## ABOUT THIS EXERCISE
Where the listing below has a line containing "injection Hba. unfold", output that line and all lines after it, verbatim, and no others.

## EXTRACTED INFORMATION
Lemma std_lattice_width : lattice_width Z2 (triangle_hull (0, 0) (1, 0) (0, 1)) = Finite 1.
Proof.
  apply (triangle_lattice_width Z2 _ _ _ (IZR 1, IZR 1)).
  - apply Z2_dual_int.
  - intros H. injection H. lra.
  - rewrite dir_width_triangle by (apply std_noncollinear || (unfold dot, vsub; simpl; lra)).
    f_equal. unfold dot, vsub; simpl. rewrite Rmax_left; lra.
  - intros y Hy Hy0. destruct (Z2_dual y Hy) as [m [n ->]]. unfold dot, vsub; simpl.
    replace (IZR m * (1 - 0) + IZR n * (0 - 0)) with (IZR m) by ring.
    replace (IZR m * (0 - 0) + IZR n * (1 - 0)) with (IZR n) by ring.
    destruct (Z.eq_dec m 0) as [-> | Hm]; [destruct (Z.eq_dec n 0) as [-> | Hn] |].
    + contradiction.
    + right; left. apply IZR_Rabs_ge1; auto.
    + left. apply IZR_Rabs_ge1; auto.
Qed.

Lemma std_triangle_reduced : lattice_reduced Z2 (triangle_hull (0, 0) (1, 0) (0, 1)).
Proof.
  pose proof std_lattice_width as Hw.
  apply triangle_reduced_of_witnesses; [apply std_noncollinear | | |].
  - exists 1, (IZR 1, IZR 1). split; [exact Hw|]. split; [apply Z2_dual_int|].
    unfold dot, vsub; simpl. lra.
  - exists 1, (IZR (-1), IZR 0). rewrite <- triangle_hull_rot. split; [exact Hw|].
    split; [apply Z2_dual_int|]. unfold dot, vsub; simpl. lra.
  - exists 1, (IZR 0, IZR (-1)). rewrite <- triangle_hull_rot, <- triangle_hull_rot.
    split; [exact Hw|]. split; [apply Z2_dual_int|]. unfold dot, vsub; simpl. lra.
Qed.

Lemma Z2_primitive_e1 : primitive_vector Z2 (1, 0).
Proof.
  split; [exists 1%Z, 0%Z; reflexivity|]. split; [intros H; injection H; lra|].
  intros x [a [b ->]] [rho Hrho]. exists a. injection Hrho. intros Hb Ha.
  apply pt_eq; simpl; lra.
Qed.

Lemma std_lattice_diam (C : pt -> Prop) :
  (forall x, triangle_hull (0, 0) (1, 0) (0, 1) x -> C x) ->
  (forall x, C x -> trunc_parallelogram (0, 0) (1, 0) (0, 1) 1 x) ->
  lattice_diam Z2 C = Finite 1.
Proof.
  intros HT HS. apply Lub_Rbar_max.
  - exists (0, 0), (1, 0). split; [apply HT, triangle_hull_p|]. split; [apply HT, triangle_hull_q|].
    apply (lattice_segment_length_intro Z2 (1, 0)); [exact Z2_primitive_e1 | lra | pt_ring].
  - intros t [a [b [Ca [Cb Hs]]]].
    pose proof (HS a Ca) as Sa. pose proof (HS b Cb) as Sb. unfold trunc_parallelogram in Sa, Sb.
    rewrite (proj1 (std_bary a)), (proj2 (std_bary a)) in Sa.
    rewrite (proj1 (std_bary b)), (proj2 (std_bary b)) in Sb.
    destruct (lattice_segment_length_dir Z2 a b t Hs) as [v [[m [n ->]] [Hv0 [Ht Hba]]]].
    injection Hba. unfold vsub, vscale. simpl. intros E2 E1.
    assert (Hm : Rabs (t * IZR m) <= 1) by (rewrite <- E1; apply Rabs_le; lra).
    assert (Hn : Rabs (t * IZR n) <= 1) by (rewrite <- E2; apply Rabs_le; lra).
    rewrite Rabs_mult, Rabs_pos_eq in Hm, Hn by lra.
    destruct (Z.eq_dec m 0) as [-> | Hm0]; [destruct (Z.eq_dec n 0) as [-> | Hn0] |].
    + exfalso. apply Hv0. reflexivity.
    + pose proof (IZR_Rabs_ge1 n Hn0). nra.
    + pose proof (IZR_Rabs_ge1 m Hm0). nra.
Qed.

## EXERCISE SOLUTION
    injection Hba. unfold vsub, vscale. simpl. intros E2 E1.
    assert (Hm : Rabs (t * IZR m) <= 1) by (rewrite <- E1; apply Rabs_le; lra).
    assert (Hn : Rabs (t * IZR n) <= 1) by (rewrite <- E2; apply Rabs_le; lra).
    rewrite Rabs_mult, Rabs_pos_eq in Hm, Hn by lra.
    destruct (Z.eq_dec m 0) as [-> | Hm0]; [destruct (Z.eq_dec n 0) as [-> | Hn0] |].
    + exfalso. apply Hv0. reflexivity.
    + pose proof (IZR_Rabs_ge1 n Hn0). nra.
    + pose proof (IZR_Rabs_ge1 m Hm0). nra.
Qed.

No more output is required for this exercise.